Friday, July 6, 2012

Your F*cking Face


I bet that got your attention.


Let's talk about your face. Or rather your f*cking face. How's it doing? Are you treating it kindly? Telling it good things? Washing it on the regular? Slathering on the sunscreen to prevent wrinkles and sunspots (oh, I guess skin cancer too)? I hope so. It's really important to take care of it because it's usually the first thing people notice about you. And they make all kinds of snap judgments based on what they see. Or really, what they think they're seeing, as beauty is definitely in the eye of the beholder.

While our ideas of beauty are subjective, how we treat people we perceive as beautiful or attractive are universal. Studies have shown that people who are perceived as attractive tend to have an easier time in life. According to Psychology Today, we believe that those who are more attractive are also smarter, more competent and friendlier than your average person. Although there are plenty of beautiful people who really are smart, nice, and competent, there are plenty others who are not, but get credit for it nonetheless.
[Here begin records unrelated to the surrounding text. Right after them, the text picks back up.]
Lemma card_perm_pairs_preim (t : m.-tuple (T * T)) :
  fresh_pairs setT t -> #|[set p | perm_pairs p == t]| = (#|T| - 2 * m)`!.
Proof.
have fiber_le (t' : m.-tuple (T * T)) :
    (#|[set p | perm_pairs p == t']| <= (#|T| - 2 * m)`!)%N.
  have [->|[p0]] := set_0Vmem [set p | perm_pairs p == t']; first by rewrite cards0.
  by rewrite inE => /eqP <-; rewrite card_perm_pairs_fiber.
have sum_fibers :
  (\sum_(t' : m.-tuple (T * T) | fresh_pairs setT t') #|[set p | perm_pairs p == t']|)%N =
  (\sum_(t' : m.-tuple (T * T) | fresh_pairs setT t') (#|T| - 2 * m)`!)%N.
  rewrite [RHS](eq_bigr (fun=> 1 * (#|T| - 2 * m)`!))%N => [|t' _]; last by rewrite mul1n.
  rewrite -big_distrl /= card_fresh_pairs cardsT ffact_fact; last first.
    by rewrite -card_pair_vertices max_card.
  have -> : #|T|`! = #|{perm T}|.
    rewrite -cardsT -card_perm; apply: eq_card => p /=.
    by apply/subsetP => z _; rewrite in_setT.
  rewrite -sum1_card (partition_big perm_pairs (fresh_pairs setT)) /=.
    by apply: eq_bigr => t' _; rewrite sum1dep_card; apply: eq_card => p; rewrite !inE.
  by move=> p _; apply: fresh_perm_pairs.
move=> fresh_t; apply/eqP.
have [_] := leqif_sum (fun (t' : m.-tuple (T * T)) (_ : fresh_pairs setT t') =>
  leqif_eq (fiber_le t')).
by rewrite sum_fibers eqxx => /esym /forall_inP; apply.
Qed.

Lemma sum_perm_pairs (V : nmodType) (F : m.-tuple (T * T) -> V) :
  \sum_(p : {perm T}) F (perm_pairs p) =
  (\sum_(t : m.-tuple (T * T) | fresh_pairs setT t) F t) *+ (#|T| - 2 * m)`!.
Proof.
rewrite (partition_big perm_pairs (fresh_pairs setT)) /=; last first.
  by move=> p _; apply: fresh_perm_pairs.
rewrite -sumrMnl; apply: eq_bigr => t fresh_t.
rewrite (eq_bigr (fun _ => F t)) => [|p /eqP -> //].
by rewrite -(card_perm_pairs_preim fresh_t) -sumr_const; apply: eq_bigl => p; rewrite inE.
Qed.

End PermPairs.

Lemma mem_imset_perm (p : {perm T}) B z : (z \in p @: B) = ((p^-1)%g z \in B).
Proof. by rewrite -{1}(permKV p z) mem_imset //; apply: perm_inj. Qed.

Lemma imset_permVK (p : {perm T}) B : (p^-1)%g @: (p @: B) = B.
Proof. by apply/setP => z; rewrite !mem_imset_perm invgK permK. Qed.

Lemma phi_prod (R : realFieldType) k i (x y : 'I_k -> T) A :
  injective y -> (forall j, x j != y j) ->
  phi R x y i A = \prod_(j < k | (j < i)%N) ((x j \in A)%:R - (y j \in A)%:R).
Proof.
move=> y_inj xy; rewrite /phi.
case: ifP => [/forallP one_of_pair | /negbT/forallPn [j]]; last first.
  rewrite negb_imply cardsI_set2 // => /andP [ji not_one].
  rewrite (bigD1 j) //=; move: not_one.
  by case: (x j \in A); case: (y j \in A); rewrite //= subrr mul0r.
have sign (j : 'I_k) :
    (j < i)%N -> ((x j \in A)%:R - (y j \in A)%:R : R) = (-1) ^+ (y j \in A).
  move=> ji; move: (implyP (one_of_pair j) ji); rewrite cardsI_set2 //.
  by case: (x j \in A); case: (y j \in A); rewrite //= ?subr0 ?sub0r ?expr0 ?expr1.
rewrite (eq_bigr _ sign) prodrXr; congr (_ ^+ _); symmetry.
transitivity (\sum_(j < k | (j < i)%N && (y j \in A)) 1)%N.
  by rewrite big_mkcondr; apply: eq_bigr => j _; case: (y j \in A).
rewrite sum1dep_card -(card_imset _ y_inj); apply: eq_card => z; rewrite !inE.
apply/imsetP/andP => [[j] | [zA /imsetP [j]]].
  by rewrite inE => /andP [ji yjA] ->; split=> //; apply: imset_f; rewrite inE.
by rewrite inE => /andP [_ ji] z_yj; exists j; rewrite // inE ji -z_yj.
Qed.

Lemma hdot_hperm_phi (R : realFieldType) k i (le_ik : (i <= k)%N) (x y : 'I_k -> T)
    (w : {set T} -> R) p :
  injective y -> (forall j, x j != y j) ->
  hdot k (hperm w p) (phi R x y i) =
  signed_weight setT k w
    (perm_pairs (x \o widen_ord le_ik) (y \o widen_ord le_ik) p).
Proof.
move=> y_inj xy; rewrite /hdot /signed_weight (reindex (fun B => p @: B)) /=; last first.
  exists (fun A => (p^-1)%g @: A) => A _; first exact: imset_permVK.
  by rewrite -{1}[p]invgK imset_permVK.
apply: eq_big => [B | B _]; first by rewrite subsetT card_imset //; apply: perm_inj.
rewrite /hperm imset_permVK mulrC phi_prod // (big_ord_narrow le_ik).
rewrite /phi_pairs big_map big_enum /=; congr (_ * _); apply: eq_bigr => j _.
by rewrite !mem_imset_perm.
Qed.

End PairSequences.

Theorem lemma3p1 (R : realFieldType) (T : finType) (k : nat)
  (w : {set T} -> R) (x y : 'I_k -> T) :
  (1 <= 2 * k)%N -> (2 * k <= #|T|)%N ->
  injective x -> injective y -> (forall j j' : 'I_k, x j != y j') ->
  forall i : nat, (i <= k)%N ->
    Wv k [set: T] w i =
    (\sum_(p : {perm T}) `|hdot k (hperm w p) (@phistar R T k x y i)|) / (#|T|`!)%:R.
Proof.
move=> _ le_2k_n x_inj y_inj xy i le_ik.
set u := x \o widen_ord le_ik; set v := y \o widen_ord le_ik.
have u_inj : injective u by move=> j j' /x_inj /(congr1 val) /= /val_inj.
have v_inj : injective v by move=> j j' /y_inj /(congr1 val) /= /val_inj.
have uv j j' : u j != v j' by apply: xy.
set c := 'C(#|T| - 2 * i, k - i).
pose F (t : i.-tuple (T * T)) :=
  `|total_weight (k - i) (unused_vertices setT t) (wxy_iter t w)|.
have hdot_phistar p : `|hdot k (hperm w p) (phistar R x y i)| = F (perm_pairs u v p) / c%:R.
  have -> : hdot k (hperm w p) (phistar R x y i) = hdot k (hperm w p) (phi R x y i) / c%:R.
    by rewrite /hdot mulr_suml; apply: eq_bigr => A _; rewrite /phistar mulrA.
  rewrite hdot_hperm_phi // signed_weight_fresh ?fresh_perm_pairs ?size_tuple //.
  by rewrite normrM normfV [`|c%:R|]ger0_norm.
rewrite (eq_bigr _ (fun p _ => hdot_phistar p)) -mulr_suml sum_perm_pairs //.
rewrite Wv_fresh_pairs // cardsT -(ffact_fact (_ : 2 * i <= #|T|)%N); last by lia.
rewrite -/c -[_ *+ (#|T| - 2 * i)`!]mulr_natr !natrM [X in _ / X]mulrC !invfM !mulrA.
rewrite [RHS]mulrAC (mulrAC _ c%:R^-1) mulfK; last by rewrite pnatr_eq0 -lt0n fact_gt0.
by rewrite [RHS]mulrAC.
Qed.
Meritocracy, shmeritocracy.

Although most people would agree that being attractive seldom hurts your cause, there can be a downside to being good-looking. (Yes, I'm shedding huge crocodile tears for Halle Berry right now.) Because there's an assumption that your life is easy, people may easily dismiss your pain and suffering (sigh, Halle Berry). They may assume that you think you're better than them and attribute negative characteristics such as conceitedness or snottiness without even knowing who you are. So regardless of how messy and disastrous your life may actually be, as an attractive person you have a responsibility to portray all those positive characteristics that are generally attributed to you in the first place. Is it fair? Nope. Will it continue to happen? Yep.

The reality is that most people find beauty to be intimidating. As often as I fantasize pretend that Boris Kodjoe is coming to pick me up for our 5th date, I would be super nervous to approach him in real life for a simple autograph. Good-lookingness that potent renders most of us stupid. It also reminds us of what we don't have going on; our insecurities are often triggered. When we feel insecure, we tend to lash out, either at ourselves or at the one who inspired our insecurities. Unfortunately, when we lash out externally, we may be missing the chance of getting to know someone who is a genuinely awesome person.

And sometimes, we're not.

There are attractive people out there who play their good looks to their advantage. I think to some degree, it's really hard not to; it can't be helped if people pay more attention to you because of your f*cking face, right? However, there are folks who know they're hot and use their good-lookingness to manipulate others into giving them what they want. You know who they (you?) are. Obviously, it works, but it can also be a hindrance to personal growth. (I know, who really wants personal growth when they can get all their drinks for free?) They don't have to work very hard because everything is handed to them, to the point where they start to feel entitled. Unfortunately, particularly for women, looks fade. If that's all you've had to offer, what's left?

I hope you flirted your way to a free education.

I know this works both ways; it's not the fault of the good-looker that they are rewarded for what essentially is a lucky configuration of genes. But I'm not going to go into how society needs to stop treating beautiful people better than the less-beautiful because it's pointless. It's encoded in our DNA to be drawn to attractiveness! We like beautifulness and many of us strive to be considered attractive, handsome, pretty, beautiful. So treat your f*cking face well!




Thanks, Dukes, for the title...your f*cking face.